WHAT THE TASK ASKS
Your output is to consist only of the line containing "From mathcomp Require Import all_boot" and the lines after it, through the end of the data, reproduced exactly.

(Stored items from a collection)
----
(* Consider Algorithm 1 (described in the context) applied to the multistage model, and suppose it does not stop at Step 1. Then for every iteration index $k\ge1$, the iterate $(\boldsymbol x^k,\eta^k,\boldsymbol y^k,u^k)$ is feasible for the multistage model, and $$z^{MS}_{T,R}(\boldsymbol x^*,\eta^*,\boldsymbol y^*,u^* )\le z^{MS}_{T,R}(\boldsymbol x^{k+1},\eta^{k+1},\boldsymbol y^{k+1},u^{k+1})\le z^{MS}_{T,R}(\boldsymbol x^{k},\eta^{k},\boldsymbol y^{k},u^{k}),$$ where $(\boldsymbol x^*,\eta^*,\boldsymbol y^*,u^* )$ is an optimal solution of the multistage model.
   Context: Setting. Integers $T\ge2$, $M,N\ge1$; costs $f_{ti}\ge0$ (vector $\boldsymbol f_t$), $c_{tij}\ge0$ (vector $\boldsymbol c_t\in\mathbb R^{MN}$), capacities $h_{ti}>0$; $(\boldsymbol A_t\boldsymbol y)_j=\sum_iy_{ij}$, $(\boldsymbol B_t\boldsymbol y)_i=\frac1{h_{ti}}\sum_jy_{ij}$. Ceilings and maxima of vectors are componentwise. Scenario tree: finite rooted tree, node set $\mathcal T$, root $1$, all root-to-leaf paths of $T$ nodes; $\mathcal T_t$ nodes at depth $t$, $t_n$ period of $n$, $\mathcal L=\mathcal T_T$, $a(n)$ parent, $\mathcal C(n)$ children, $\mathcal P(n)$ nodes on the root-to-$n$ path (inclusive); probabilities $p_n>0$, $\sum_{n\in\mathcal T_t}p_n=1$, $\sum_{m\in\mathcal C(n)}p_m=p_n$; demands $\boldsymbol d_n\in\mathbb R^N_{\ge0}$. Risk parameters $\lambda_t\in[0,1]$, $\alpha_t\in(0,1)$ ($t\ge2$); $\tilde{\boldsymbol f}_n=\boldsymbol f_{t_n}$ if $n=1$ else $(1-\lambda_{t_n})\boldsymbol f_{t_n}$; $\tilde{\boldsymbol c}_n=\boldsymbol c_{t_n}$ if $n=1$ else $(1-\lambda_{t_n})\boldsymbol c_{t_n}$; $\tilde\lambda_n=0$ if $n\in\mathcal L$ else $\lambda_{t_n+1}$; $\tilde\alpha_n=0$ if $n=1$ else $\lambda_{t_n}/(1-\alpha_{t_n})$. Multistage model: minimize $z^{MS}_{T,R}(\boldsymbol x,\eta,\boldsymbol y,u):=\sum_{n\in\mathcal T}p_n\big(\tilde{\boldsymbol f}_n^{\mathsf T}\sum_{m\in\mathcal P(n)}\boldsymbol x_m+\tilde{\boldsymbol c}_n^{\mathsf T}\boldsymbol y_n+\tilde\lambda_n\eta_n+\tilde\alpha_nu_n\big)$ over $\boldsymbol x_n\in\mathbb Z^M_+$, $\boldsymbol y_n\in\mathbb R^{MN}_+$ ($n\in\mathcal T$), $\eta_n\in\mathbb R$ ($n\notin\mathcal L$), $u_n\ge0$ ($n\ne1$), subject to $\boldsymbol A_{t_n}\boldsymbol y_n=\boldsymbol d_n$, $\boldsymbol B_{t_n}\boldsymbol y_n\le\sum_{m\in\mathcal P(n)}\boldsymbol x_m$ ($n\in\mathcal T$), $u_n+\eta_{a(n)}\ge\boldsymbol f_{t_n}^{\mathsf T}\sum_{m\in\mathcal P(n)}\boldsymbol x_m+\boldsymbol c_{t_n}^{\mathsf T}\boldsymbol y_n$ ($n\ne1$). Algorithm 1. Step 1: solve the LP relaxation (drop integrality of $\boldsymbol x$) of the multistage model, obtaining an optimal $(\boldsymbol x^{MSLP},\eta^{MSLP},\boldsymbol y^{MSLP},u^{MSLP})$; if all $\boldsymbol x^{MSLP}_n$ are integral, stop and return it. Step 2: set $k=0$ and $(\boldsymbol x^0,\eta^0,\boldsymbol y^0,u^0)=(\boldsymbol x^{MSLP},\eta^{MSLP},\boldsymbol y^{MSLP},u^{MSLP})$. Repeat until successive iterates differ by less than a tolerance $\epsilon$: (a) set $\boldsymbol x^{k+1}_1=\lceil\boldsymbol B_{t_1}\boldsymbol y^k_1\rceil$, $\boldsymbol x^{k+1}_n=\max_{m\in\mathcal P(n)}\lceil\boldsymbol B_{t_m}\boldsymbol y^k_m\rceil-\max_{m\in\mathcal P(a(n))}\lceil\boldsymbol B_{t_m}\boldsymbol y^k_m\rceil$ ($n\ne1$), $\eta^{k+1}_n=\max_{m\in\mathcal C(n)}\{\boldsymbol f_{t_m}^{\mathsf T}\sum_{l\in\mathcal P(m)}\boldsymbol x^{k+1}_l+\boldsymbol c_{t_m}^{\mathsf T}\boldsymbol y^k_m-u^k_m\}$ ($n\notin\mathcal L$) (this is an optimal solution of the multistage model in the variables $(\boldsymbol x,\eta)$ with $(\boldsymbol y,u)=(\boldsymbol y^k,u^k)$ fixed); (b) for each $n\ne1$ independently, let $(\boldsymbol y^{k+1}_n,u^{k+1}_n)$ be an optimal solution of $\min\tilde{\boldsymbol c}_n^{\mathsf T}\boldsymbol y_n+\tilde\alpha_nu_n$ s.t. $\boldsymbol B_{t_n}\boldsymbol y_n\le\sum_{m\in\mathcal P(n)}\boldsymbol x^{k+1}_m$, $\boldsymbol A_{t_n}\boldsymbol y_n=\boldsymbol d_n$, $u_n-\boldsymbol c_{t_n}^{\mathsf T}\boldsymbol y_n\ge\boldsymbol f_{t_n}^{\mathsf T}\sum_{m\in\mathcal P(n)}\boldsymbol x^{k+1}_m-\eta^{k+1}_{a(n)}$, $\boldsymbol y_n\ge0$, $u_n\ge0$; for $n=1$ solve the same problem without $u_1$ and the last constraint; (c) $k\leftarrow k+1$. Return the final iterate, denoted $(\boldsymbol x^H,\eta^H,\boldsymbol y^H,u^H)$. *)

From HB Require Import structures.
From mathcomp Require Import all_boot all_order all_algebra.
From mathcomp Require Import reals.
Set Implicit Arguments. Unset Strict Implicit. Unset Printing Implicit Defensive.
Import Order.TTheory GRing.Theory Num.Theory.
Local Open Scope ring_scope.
----
TASK RESULT
From mathcomp Require Import all_boot all_order all_algebra.
From mathcomp Require Import reals.
Set Implicit Arguments. Unset Strict Implicit. Unset Printing Implicit Defensive.
Import Order.TTheory GRing.Theory Num.Theory.
Local Open Scope ring_scope.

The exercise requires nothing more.